Treating Myself as the Client
Photo by krakenimages on Unsplash

There is no doubt that I put far more effort and time into client projects than my own. After all, they're the ones who are paying my mortgage. Without my clients, I wouldn't be where I am today. However, I also have a ton of projects on my plate that are purely for my own interests. And I just can't seem to pull together the same energy when it comes to my own projects as I do with that of client work.

Why is that?

I think most of it has to do with the fact that I don't make nearly as much money with my own projects as I do with my clients. I'm paid by clients for results, which I can usually easily achieve. But who pays me for my project results? The $1.00 per day I make from AdSense? The occasional sale from an affiliate? The $0.72 I made last month on Amazon?

That pales in comparison to how much I make as a freelancer. In fact, it's literally thousands of percentage points lower to work on my own projects as opposed to client work.

The bottom line is that I didn't put nearly the same amount of effort at the beginning building up my side-project brands as I do for clients. Not only do I kind of suck at self-promotion, but I am quite easy to divert when I'm not focused on clients.

The end result is a handful of blogs and YouTube channels that grow at an exceptionally slow pace.

Identifying the Issues

When I owned the Iliff Computer Center, I was intently focused. I put in 100 hours per week, had staff to pay, and was bringing in six figures to a company based in a town with a population of 250. Needless to say, I was doing some great things back in the day.

Even when I owned the liquor store, it was the size of a closet, but it was still experiencing monthly growth.

So, why do I have such a hard time building up that kind of success for myself as a writer/blogger/YouTuber? I suppose it might have a bit to do with what I went through in 2016. And if you're curious, I wrote about it in my book, A Freelancer's Tale.

Was it such as traumatic experience that I am hesitant about putting myself out there again? Or, is it more related to sheer laziness? I don't know if I'm that lazy nowadays, but I am exceptionally tired all the time.

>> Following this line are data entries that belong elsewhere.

(* There exist graphs $G,H$ embedded in $\mathbb{R}^2$, each equipped with the height filtration, such that the FB-persistence diagrams of $G$ and $H$ differ, but the extended persistence diagrams of $G$ and $H$ coincide (in degrees $0$ and $1$).
   Context: Graphs are finite, undirected, possibly with multi-edges. For a graph embedded in $\mathbb{R}^2$, the height filtration is the vertex-based filtration function $f(v)=$ $y$-coordinate of $v$, $f(e)=\max(f(v),f(w))$ for $e=(v,w)$. For a filtration function $f$ with distinct values $a_0<\dots<a_n$, $G_{-1}=\emptyset$, $G_i=f^{-1}((-\infty,a_i])$; the intermediate complex $\mathrm{IC}_i(G,f)$ is the subgraph consisting of the vertices and edges of $G_i\setminus G_{i-1}$ together with endpoints of those edges. FB-persistence: the persistence diagrams (from the interval decomposition of $H_k(-;\mathbb{Z}/2)$, indexed by position) of $G_0\subset\dots\subset G_n=G\to Z_1\to\dots\to Z_{n+1}=\text{point}$, where $Z_1=G/\mathrm{IC}_n$ and $Z_{j+1}=Z_j/( *_j\cup\mathrm{IC}_{n-j})$, $*_j$ being the point to which previously contracted pieces were collapsed. Extended persistence: regard $G$ as a topological space and extend $f$ linearly along edges; set $G_a=\{x: f(x)\le a\}$, $G^a=\{x:f(x)\ge a\}$; the extended persistence diagrams are the persistence diagrams of $0\to H_k(G_{a_0})\to\dots\to H_k(G_{a_n})=H_k(G)\to H_k(G,G^{a_n})\to\dots\to H_k(G,G^{a_0})$ (maps induced by inclusions of spaces and pairs), $k=0,1$, with $\mathbb{Z}/2$ coefficients. *)

From Stdlib Require Import Reals.
From mathcomp Require Import all_boot all_order all_algebra.
Set Implicit Arguments.
Unset Strict Implicit.
Unset Printing Implicit Defensive.
Import GRing.Theory.

(* An edge e joins [src e] and [tgt e]; the orientation is irrelevant. *)
Record graph := Graph {
  vert : finType;
  edge : finType;
  src : edge -> vert;
  tgt : edge -> vert }.

Record egraph := EGraph {
  eg :> graph;
  pos : vert eg -> (R * R)%type;
  curve : edge eg -> R -> (R * R)%type;
  pos_inj : forall v w, pos v = pos w -> v = w;
  no_loop : forall e : edge eg, src e <> tgt e;
  curve_cont1 : forall e, continuity (fun t => fst (curve e t));
  curve_cont2 : forall e, continuity (fun t => snd (curve e t));
  curve_src : forall e, curve e R0 = pos (src e);
  curve_tgt : forall e, curve e R1 = pos (tgt e);
  curve_inj : forall e s t, Rle R0 s /\ Rle s R1 -> Rle R0 t /\ Rle t R1 ->
                curve e s = curve e t -> s = t;
  curve_avoid : forall e t v, Rlt R0 t /\ Rlt t R1 -> curve e t <> pos v;
  curve_disj : forall e e' s t, e <> e' -> Rlt R0 s /\ Rlt s R1 -> Rlt R0 t /\ Rlt t R1 ->
                curve e s <> curve e' t }.

Definition ht (G : egraph) (v : vert G) : R := snd (pos v).

Definition beqR (x y : R) : bool := if Req_EM_T x y then true else false.
Definition bltR (x y : R) : bool := if Rlt_dec x y then true else false.

Definition canon (G : egraph) (w : vert G) : bool :=
  [forall u : vert G, beqR (ht u) (ht w) ==> (enum_rank w <= enum_rank u)%N].

(* number of distinct values a_0 < ... < a_n of f, i.e. n+1 *)
Definition nlev (G : egraph) : nat := #|[set w : vert G | canon w]|.

(* lvl v = i  iff  f(v) = a_i *)
Definition lvl (G : egraph) (v : vert G) : nat :=
  #|[set w : vert G | canon w && bltR (ht w) (ht v)]|.

(* f(e) = max(f(v),f(w)) = a_(elvl e) *)
Definition elvl (G : egraph) (e : edge G) : nat :=
  maxn (lvl (src e)) (lvl (tgt e)).

(* Cellular spaces built from G: a subgraph K together with a subgraph *)
(* A of K which is either collapsed to a single point * (star = true;  *)
(* quotient space K/A) or divided out (star = false; the pair (K,A),   *)
(* relative homology).  With A empty both give K itself.               *)
Record cspace (G : graph) := CSpace {
  inKv : pred (vert G); inKe : pred (edge G);
  inAv : pred (vert G); inAe : pred (edge G);
  star : bool }.

Definition F2 := 'F_2.

Local Open Scope ring_scope.

Section Cells.
Variable G : graph.
Implicit Types X Y : cspace G.

Definition has_star X : bool := star X && [exists v, inAv X v].

(* 0-cells: option (vert G), None standing for the point *. *)
Definition cell0 X (c : option (vert G)) : bool :=
  match c with None => has_star X | Some v => inKv X v && ~~ inAv X v end.
Definition cell1 X (e : edge G) : bool := inKe X e && ~~ inAe X e.

(* coefficient of the 0-cell c' in the image in Y of the 0-cell c *)
Definition imgc Y (c c' : option (vert G)) : bool :=
  match c with
  | Some v => if inAv Y v then (c' == None) && has_star Y else c' == Some v
  | None => (c' == None) && has_star Y
  end.

Definition d0 := #|{: option (vert G)}|.
Definition d1 := #|{: edge G}|.

(* cellular chain groups, as row spaces inside F2^(cells) *)
Definition C1 X : 'M[F2]_d1 :=
  \matrix_(i, j) ((i == j) && cell1 X (enum_val i))%:R.
Definition C0 X : 'M[F2]_d0 :=
  \matrix_(i, j) ((i == j) && cell0 X (enum_val i))%:R.
Definition bnd X : 'M[F2]_(d1, d0) :=
  \matrix_(i, j) ((imgc X (Some (src (enum_val i))) (enum_val j))%:R +
                  (imgc X (Some (tgt (enum_val i))) (enum_val j))%:R).

(* cycles and boundaries in degrees 0 and 1 (no 2-cells) *)
Definition Z0 X : 'M[F2]_d0 := C0 X.
Definition B0 X : 'M[F2]_(d1, d0) := C1 X *m bnd X.
Definition Z1 X : 'M[F2]_d1 := (C1 X :&: kermx (bnd X))%MS.
Definition B1 X : 'M[F2]_d1 := 0.

(* cellular chain maps induced by the identity of G / the quotient maps,
   into the space Y *)
Definition M0 Y : 'M[F2]_d0 :=
  \matrix_(i, j) (imgc Y (enum_val i) (enum_val j))%:R.
Definition M1 Y : 'M[F2]_d1 :=
  \matrix_(i, j) ((i == j) && cell1 Y (enum_val i))%:R.

End Cells.

(* Persistence diagram of a module V_0 -> V_1 -> ... -> V_N, V_p =     *)
(* Z p / B p (subspaces of F2^d), maps induced by the matrices M p :   *)
(* V_p -> V_(p+1).  Multiplicity of the interval [b,e] in the interval *)
(* decomposition, via the rank function r(i,j) = rank (V_i -> V_j).    *)
Fixpoint mprod d (M : nat -> 'M[F2]_d) (i k : nat) : 'M[F2]_d :=
  match k with
  | 0 => 1%:M
  | k'.+1 => mprod M i k' *m M (i + k')%N
  end.

Definition prank m1 m2 d (Z : nat -> 'M[F2]_(m1, d)) (B : nat -> 'M[F2]_(m2, d))
  (M : nat -> 'M[F2]_d) (i j : nat) : int :=
  (\rank (Z i *m mprod M i (j - i) + B j)%MS)%:Z - (\rank (B j))%:Z.

Definition pdiag (N : nat) (r : nat -> nat -> int) (b e : nat) : int :=
  if (b <= e <= N)%N then
    (r b e - (if b == 0%N then 0 else r b.-1 e)
           - (if e == N then 0 else r b e.+1)
           + (if (b == 0%N) || (e == N) then 0 else r b.-1 e.+1))%R
  else 0%R.

Definition dgm (G : graph) (N : nat) (S : nat -> cspace G) (k : nat) :
  nat -> nat -> int :=
  if k == 0%N then
    pdiag N (prank (fun p => Z0 (S p)) (fun p => B0 (S p))
                   (fun p => M0 (S p.+1)))
  else
    pdiag N (prank (fun p => Z1 (S p)) (fun p => B1 (S p))
                   (fun p => M1 (S p.+1))).

Section Filtrations.
Variable G : egraph.

Definition subl (i : nat) : cspace G :=
  @CSpace G (fun v => lvl v <= i)%N (fun e => elvl e <= i)%N
            pred0 pred0 false.

(* Z_j = G / (IC_n u ... u IC_(n-j+1)), everything collapsed to one point;
   the union of IC_m, m >= t, consists of the cells of level >= t together
   with endpoints of edges of level >= t. *)
Definition fbquot (j : nat) : cspace G :=
  let t := (nlev G - j)%N in
  @CSpace G predT predT
    (fun v => (t <= lvl v)%N ||
              [exists e, (t <= elvl e)%N && ((src e == v) || (tgt e == v))])
    (fun e => t <= elvl e)%N true.

(* FB sequence: positions 0..n are G_0..G_n, positions n+1..2n+1 are Z_1..Z_(n+1) *)
Definition fbseq (p : nat) : cspace G :=
  if (p < nlev G)%N then subl p else fbquot (p - nlev G).+1.

(* pair (G, G^(a_i)), with G^(a_i) replaced by the subcomplex of cells
   with f >= a_i (onto which it deformation retracts) *)
Definition suppair (i : nat) : cspace G :=
  @CSpace G predT predT (fun v => i <= lvl v)%N
    (fun e => i <= minn (lvl (src e)) (lvl (tgt e)))%N false.

(* extended sequence: positions 0..n are G_(a_0)..G_(a_n), positions
   n+1..2n+1 are (G,G^(a_n)), ..., (G,G^(a_0)) *)
Definition extseq (p : nat) : cspace G :=
  if (p < nlev G)%N then subl p else suppair ((nlev G).-1 - (p - nlev G))%N.

Definition FBdgm (k : nat) := dgm (nlev G).*2.-1 fbseq k.
Definition EPdgm (k : nat) := dgm (nlev G).*2.-1 extseq k.

End Filtrations.

From Pilot Require Import Defs.
From Stdlib Require Import Reals Lra FunctionalExtensionality.
From mathcomp Require Import all_boot all_order all_algebra mxabelem.

(* The digon (vertices at heights 0 and 1 joined by two parallel edges) and the triangle
   (0,0), (1,0), (0,1) both have two height levels, one component and one cycle, born at the
   top level.  In the extended sequence the cycle survives in H_1(X, X^{a_1}) = F_2 and dies in
   H_1(X, X) for both graphs, so the extended diagrams agree.  In the FB sequence, however,
   the top intermediate complex IC_1 is the whole digon, so Z_1 is a point and the cycle dies
   at once, whereas IC_1 of the triangle misses the bottom edge, so Z_1 is a circle and the
   cycle lives one step longer.
   The diagrams are computed by reflection: a matrix over F_2 is represented by the bit lists
   of its rows, a subspace by the list of all its vectors, and the rank is log_2 of the number
   of distinct vectors. *)

Set Implicit Arguments.
Unset Strict Implicit.
Unset Printing Implicit Defensive.

Section BitVectors.
Local Open Scope ring_scope.

Lemma F2_bool (x : F2) : x = (x == 1)%:R.
Proof. by case: x => [[|[|k]] Hk] //; apply: val_inj. Qed.

Lemma F2_nat_eq1 (b : bool) : ((b%:R : F2) == 1) = b.
Proof. by case: b. Qed.

Lemma F2_eq1D (x y : F2) : (x + y == 1) = (x == 1) (+) (y == 1).
Proof. by rewrite (F2_bool x) (F2_bool y); case: (x == 1); case: (y == 1). Qed.

Lemma F2_eq1M (x y : F2) : (x * y == 1) = (x == 1) && (y == 1).
Proof. by rewrite (F2_bool x) (F2_bool y); case: (x == 1); case: (y == 1). Qed.

Lemma F2_natD (a b : bool) : (a%:R + b%:R : F2) = (a (+) b)%:R.
Proof. by rewrite [LHS]F2_bool F2_eq1D !F2_nat_eq1. Qed.

Definition bxor (s t : seq bool) : seq bool := [seq p.1 (+) p.2 | p <- zip s t].
Definition bzero (n : nat) : seq bool := nseq n false.
Definition bcomb (n : nat) (c : seq bool) (L : seq (seq bool)) : seq bool :=
  foldr (fun p acc => if p.1 then bxor p.2 acc else acc) (bzero n) (zip c L).
Fixpoint bitseqs (n : nat) : seq (seq bool) :=
  if n is n'.+1 then [seq b :: s | b <- [:: false; true], s <- bitseqs n'] else [:: [::]].

Lemma size_bxor s t : size (bxor s t) = minn (size s) (size t).
Proof. by rewrite size_map size_zip. Qed.

Lemma nth_bxor s t j : size s = size t ->
  nth false (bxor s t) j = nth false s j (+) nth false t j.
Proof.
move=> Est; case: (ltnP j (size s)) => Hj.
  by rewrite (nth_map (false, false)) ?nth_zip // size_zip -Est minnn.
by rewrite !nth_default ?size_bxor -?Est ?minnn.
Qed.

Lemma size_bcomb n c L : all (fun r => size r == n) L -> size (bcomb n c L) = n.
Proof.
elim: c L => [|b c IH] [|r L] /=; rewrite ?size_nseq // => /andP[/eqP Hr HL].
by case: b; rewrite ?size_bxor IH // Hr minnn.
Qed.

Lemma nth_bcomb n c L j : all (fun r => size r == n) L ->
  nth false (bcomb n c L) j =
  foldr (fun p acc => (p.1 && nth false p.2 j) (+) acc) false (zip c L).
Proof.
elim: c L => [|b c IH] [|r L] /=; rewrite ?nth_nseq ?if_same // => /andP[/eqP Hr HL].
by case: b; rewrite /= -IH // nth_bxor ?size_bcomb.
Qed.

Lemma mem_bitseqs n s : (s \in bitseqs n) = (size s == n).
Proof.
elim: n s => [|n IH] s; first by case: s.
apply/allpairsP/idP => [[[b t] /= [_ Ht ->]]|]; first by rewrite /= eqSS -IH.
by case: s => [|b s] //=; rewrite eqSS -IH => Hs; exists (b, s); case: b.
Qed.

End BitVectors.

Section RowBits.
Local Open Scope ring_scope.

Definition bits_of_row n (v : 'rV[F2]_n) : seq bool := [seq v 0 j == 1 | j <- enum 'I_n].
Definition row_of_bits n (s : seq bool) : 'rV[F2]_n := \row_j (nth false s j)%:R.

Lemma size_bits_of_row n (v : 'rV[F2]_n) : size (bits_of_row v) = n.
Proof. by rewrite size_map size_enum_ord. Qed.

Lemma nth_bits_of_row n (v : 'rV[F2]_n) (j : 'I_n) :
  nth false (bits_of_row v) j = (v 0 j == 1).
Proof. by rewrite (nth_map j) ?size_enum_ord // nth_ord_enum. Qed.

Lemma bits_of_row_inj n : injective (@bits_of_row n).
Proof.
move=> u v E; apply/rowP => j.
by rewrite (F2_bool (u 0 j)) (F2_bool (v 0 j)) -!nth_bits_of_row E.
Qed.

Lemma eq_bits_of_row n (v : 'rV[F2]_n) s :
  size s = n -> (forall j : 'I_n, nth false s j = (v 0 j == 1)) -> bits_of_row v = s.
Proof.
move=> Hs Hv; apply: (@eq_from_nth _ false); rewrite size_bits_of_row // => i Hi.
by rewrite (nth_bits_of_row v (Ordinal Hi)) -(Hv (Ordinal Hi)).
Qed.
Lemma l1_contraction_half (f : V -> R) N c :
  rsum f = 0 ->
  (forall x, rsum (fun u => Rabs (Ppow P N x u - c)) <= / 2) ->
  rsum (fun u => Rabs (rsum (fun x => f x * Ppow P N x u)))
  <= / 2 * rsum (fun x => Rabs (f x)).
Proof.
move=> f_mass0 N_close.
have recenter u : rsum (fun x => f x * Ppow P N x u)
                  = rsum (fun x => f x * (Ppow P N x u - c)).
  have := rsumB (fun x => f x * Ppow P N x u) (fun x => c * f x).
  by rewrite rsumZ f_mass0 Rmult_0_r Rminus_0_r => <-; apply: rsum_ext => x; ring.
apply: Rle_trans (_ : rsum (fun u => rsum (fun x => Rabs (f x) * Rabs (Ppow P N x u - c))) <= _).
  apply: rsum_le => u; rewrite recenter; apply: Rle_trans (rsum_abs _) _.
  by apply: rsum_le => x; rewrite Rabs_mult; lra.
rewrite rsum_exchange -rsumZ; apply: rsum_le => x.
by rewrite rsumZ; have := N_close x; have := Rabs_pos (f x); nra.
Qed.

Lemma dist_to_const_mono c t j x :
  rsum (fun u => Rabs (Ppow P (t + j) x u - c))
  <= rsum (fun u => Rabs (Ppow P t x u - c)).
Proof.
rewrite (rsum_ext (g := fun u => Rabs (rsum (fun y => (Ppow P t x y - c) * Ppow P j y u)))).
  exact: l1_contraction.
move=> u; congr Rabs.
rewrite (rsum_ext (g := fun y => Ppow P t x y * Ppow P j y u - c * Ppow P j y u)).
  by rewrite rsumB rsumZ Ppow_col Ppow_CK; ring.
by move=> y; ring.
Qed.

Definition Pinc (s : nat) (x y : V) : R :=
  if s is s'.+1 then Ppow P s x y - Ppow P s' x y else Ppow P 0 x y.

Lemma Pinc_step s x w :
  rsum (fun u => Pinc s x u * P u w)
  = Pinc s.+1 x w + (if s is O then Ppow P 0 x w else 0).
Proof.
case: s => [|s] /=; first lra.
rewrite -rsumB Rplus_0_r; apply: rsum_ext => u; ring.
Qed.

Lemma Pinc_propagate (g : nat -> V -> R) T w :
  rsum (fun u => sumR (fun s => rsum (fun x => g s x * Pinc s x u)) T * P u w)
  = sumR (fun s => rsum (fun x => g s x * Pinc s.+1 x w)) T
    + (if T is O then 0 else g O w).
Proof.
rewrite (rsum_ext (g := fun u => sumR (fun s => rsum (fun x => g s x * Pinc s x u) * P u w) T)).
  2: by move=> u; rewrite sumR_mulr.
rewrite rsum_sumR -sumR_first -sumR_add; apply: sumR_ext => s _.
transitivity (rsum (fun x => g s x * rsum (fun u => Pinc s x u * P u w))).
  rewrite (rsum_ext (g := fun u => rsum (fun x => g s x * Pinc s x u * P u w))).
    rewrite rsum_exchange; apply: rsum_ext => x.
    by rewrite -rsumZ; apply: rsum_ext => u; ring.
  by move=> u; rewrite Rmult_comm -rsumZ; apply: rsum_ext => x; ring.
rewrite (rsum_ext (g := fun x => g s x * Pinc s.+1 x w
                      + (if s is O then if x == w then g s x else 0 else 0))).
  by rewrite rsumD; case: s => [|s]; [rewrite rsum_delta | rewrite rsum0].
by move=> x; rewrite Pinc_step; case: s => [|s] /=; [case: (x == w)|]; ring.
Qed.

If I put in the same level of effort today as I did for the computer center, I would probably have my warehouse and business offices already.

Treating Personal Projects as a Business

Perhaps the best way to think of my personal projects is that of a business. Essentially, I already run a business as a sole proprietor for my writing career. Maybe if I get into the mindset that all of my other projects are related to some kind of business, I'll be able to convince myself that I need to put in the same amount of effort as I do for paying clients.

But that's the rub, really. I do very well for paying clients. And making a few dollars per day isn't really something that tempts me to care. And yes, I'm well aware that if I did put in even a fraction of the same effort, I'd make far more than just a handful of cash each month.

In reality, I was debating on starting up an entirely new business this morning, complete with setting up a C-Corp for this venture. It's a bit on the extreme side, but I wonder just how much it would fuel effort if it's all related to a corporation. To be honest, it really doesn't cost much to incorporate a business here in Colorado.

Regardless of whether I decide to incorporate or not, I need to start viewing my other projects as an entirely separate business. Instead of just "side projects," viewing them as business elements would add a heightened level of priority every day.

Now, not everyone needs to view their blogs, YouTube channels, or novels as a business platform. For me, though, it might just be what I need to get everything growing at a stable and improved pace.

To be successful in anything, you need to find something that works to keep you in the right mindset. What works for one person, may not work the same for another. Through trial and error, you can find those methods that propel you forward and reach greater levels of success.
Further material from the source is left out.